(Exercise directions) Only an exact repetition of the entries counts as an answer.

++++ Records for the exercise ++++

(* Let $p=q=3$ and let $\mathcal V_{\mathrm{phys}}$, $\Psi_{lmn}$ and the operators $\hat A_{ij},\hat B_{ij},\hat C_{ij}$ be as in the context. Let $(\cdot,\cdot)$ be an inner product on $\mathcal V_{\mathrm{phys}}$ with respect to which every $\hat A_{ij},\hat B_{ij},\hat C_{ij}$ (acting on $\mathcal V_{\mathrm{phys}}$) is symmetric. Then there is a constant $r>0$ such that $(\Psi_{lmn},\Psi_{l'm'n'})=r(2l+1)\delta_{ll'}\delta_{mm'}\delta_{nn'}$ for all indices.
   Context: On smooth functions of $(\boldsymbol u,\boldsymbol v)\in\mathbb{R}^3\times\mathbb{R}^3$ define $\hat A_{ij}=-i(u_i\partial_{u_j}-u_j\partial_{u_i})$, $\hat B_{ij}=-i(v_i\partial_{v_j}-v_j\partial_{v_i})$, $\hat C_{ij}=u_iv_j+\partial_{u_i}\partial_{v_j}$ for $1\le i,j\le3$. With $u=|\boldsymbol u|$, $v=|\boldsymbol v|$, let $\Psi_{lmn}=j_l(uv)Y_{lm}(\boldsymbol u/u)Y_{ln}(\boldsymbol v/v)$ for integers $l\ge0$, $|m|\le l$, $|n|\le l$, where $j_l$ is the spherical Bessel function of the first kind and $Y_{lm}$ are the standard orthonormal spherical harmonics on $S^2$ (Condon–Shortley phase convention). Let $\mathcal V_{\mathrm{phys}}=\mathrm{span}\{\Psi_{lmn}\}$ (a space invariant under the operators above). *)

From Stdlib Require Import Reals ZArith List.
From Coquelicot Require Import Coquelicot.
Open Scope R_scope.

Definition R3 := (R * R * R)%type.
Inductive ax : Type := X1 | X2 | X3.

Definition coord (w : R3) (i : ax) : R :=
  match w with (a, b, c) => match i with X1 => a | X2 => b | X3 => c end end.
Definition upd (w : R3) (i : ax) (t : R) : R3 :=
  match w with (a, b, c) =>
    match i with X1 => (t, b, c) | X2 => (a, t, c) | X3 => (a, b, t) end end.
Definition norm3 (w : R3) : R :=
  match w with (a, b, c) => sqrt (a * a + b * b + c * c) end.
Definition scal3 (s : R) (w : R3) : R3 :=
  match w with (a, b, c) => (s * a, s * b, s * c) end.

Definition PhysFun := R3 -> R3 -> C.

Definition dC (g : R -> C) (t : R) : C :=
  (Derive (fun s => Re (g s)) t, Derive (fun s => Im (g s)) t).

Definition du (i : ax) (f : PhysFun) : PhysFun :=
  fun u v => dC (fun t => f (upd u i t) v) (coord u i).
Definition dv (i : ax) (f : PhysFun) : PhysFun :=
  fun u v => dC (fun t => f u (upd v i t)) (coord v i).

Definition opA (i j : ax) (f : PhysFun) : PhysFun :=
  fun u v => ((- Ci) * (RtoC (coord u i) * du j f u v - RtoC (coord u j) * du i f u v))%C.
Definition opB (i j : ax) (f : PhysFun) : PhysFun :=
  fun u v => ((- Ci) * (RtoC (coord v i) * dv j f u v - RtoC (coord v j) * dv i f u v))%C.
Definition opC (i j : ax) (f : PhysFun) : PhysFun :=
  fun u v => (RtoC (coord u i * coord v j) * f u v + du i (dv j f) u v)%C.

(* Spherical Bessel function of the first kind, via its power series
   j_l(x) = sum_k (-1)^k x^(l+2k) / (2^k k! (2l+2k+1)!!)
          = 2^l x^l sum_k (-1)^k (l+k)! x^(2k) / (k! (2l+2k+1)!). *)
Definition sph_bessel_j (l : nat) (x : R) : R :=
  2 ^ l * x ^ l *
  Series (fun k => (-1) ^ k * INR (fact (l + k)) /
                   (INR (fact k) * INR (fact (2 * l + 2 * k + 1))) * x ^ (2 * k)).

++++

(Task response)
(* Let $p=q=3$ and let $\mathcal V_{\mathrm{phys}}$, $\Psi_{lmn}$ and the operators $\hat A_{ij},\hat B_{ij},\hat C_{ij}$ be as in the context. Let $(\cdot,\cdot)$ be an inner product on $\mathcal V_{\mathrm{phys}}$ with respect to which every $\hat A_{ij},\hat B_{ij},\hat C_{ij}$ (acting on $\mathcal V_{\mathrm{phys}}$) is symmetric. Then there is a constant $r>0$ such that $(\Psi_{lmn},\Psi_{l'm'n'})=r(2l+1)\delta_{ll'}\delta_{mm'}\delta_{nn'}$ for all indices.
   Context: On smooth functions of $(\boldsymbol u,\boldsymbol v)\in\mathbb{R}^3\times\mathbb{R}^3$ define $\hat A_{ij}=-i(u_i\partial_{u_j}-u_j\partial_{u_i})$, $\hat B_{ij}=-i(v_i\partial_{v_j}-v_j\partial_{v_i})$, $\hat C_{ij}=u_iv_j+\partial_{u_i}\partial_{v_j}$ for $1\le i,j\le3$. With $u=|\boldsymbol u|$, $v=|\boldsymbol v|$, let $\Psi_{lmn}=j_l(uv)Y_{lm}(\boldsymbol u/u)Y_{ln}(\boldsymbol v/v)$ for integers $l\ge0$, $|m|\le l$, $|n|\le l$, where $j_l$ is the spherical Bessel function of the first kind and $Y_{lm}$ are the standard orthonormal spherical harmonics on $S^2$ (Condon–Shortley phase convention). Let $\mathcal V_{\mathrm{phys}}=\mathrm{span}\{\Psi_{lmn}\}$ (a space invariant under the operators above). *)

From Stdlib Require Import Reals ZArith List.
From Coquelicot Require Import Coquelicot.
Open Scope R_scope.

Definition R3 := (R * R * R)%type.
Inductive ax : Type := X1 | X2 | X3.

Definition coord (w : R3) (i : ax) : R :=
  match w with (a, b, c) => match i with X1 => a | X2 => b | X3 => c end end.
Definition upd (w : R3) (i : ax) (t : R) : R3 :=
  match w with (a, b, c) =>
    match i with X1 => (t, b, c) | X2 => (a, t, c) | X3 => (a, b, t) end end.
Definition norm3 (w : R3) : R :=
  match w with (a, b, c) => sqrt (a * a + b * b + c * c) end.
Definition scal3 (s : R) (w : R3) : R3 :=
  match w with (a, b, c) => (s * a, s * b, s * c) end.

Definition PhysFun := R3 -> R3 -> C.

Definition dC (g : R -> C) (t : R) : C :=
  (Derive (fun s => Re (g s)) t, Derive (fun s => Im (g s)) t).

Definition du (i : ax) (f : PhysFun) : PhysFun :=
  fun u v => dC (fun t => f (upd u i t) v) (coord u i).
Definition dv (i : ax) (f : PhysFun) : PhysFun :=
  fun u v => dC (fun t => f u (upd v i t)) (coord v i).

Definition opA (i j : ax) (f : PhysFun) : PhysFun :=
  fun u v => ((- Ci) * (RtoC (coord u i) * du j f u v - RtoC (coord u j) * du i f u v))%C.
Definition opB (i j : ax) (f : PhysFun) : PhysFun :=
  fun u v => ((- Ci) * (RtoC (coord v i) * dv j f u v - RtoC (coord v j) * dv i f u v))%C.
Definition opC (i j : ax) (f : PhysFun) : PhysFun :=
  fun u v => (RtoC (coord u i * coord v j) * f u v + du i (dv j f) u v)%C.

(* Spherical Bessel function of the first kind, via its power series
   j_l(x) = sum_k (-1)^k x^(l+2k) / (2^k k! (2l+2k+1)!!)
          = 2^l x^l sum_k (-1)^k (l+k)! x^(2k) / (k! (2l+2k+1)!). *)
Definition sph_bessel_j (l : nat) (x : R) : R :=
  2 ^ l * x ^ l *
  Series (fun k => (-1) ^ k * INR (fact (l + k)) /
                   (INR (fact k) * INR (fact (2 * l + 2 * k + 1))) * x ^ (2 * k)).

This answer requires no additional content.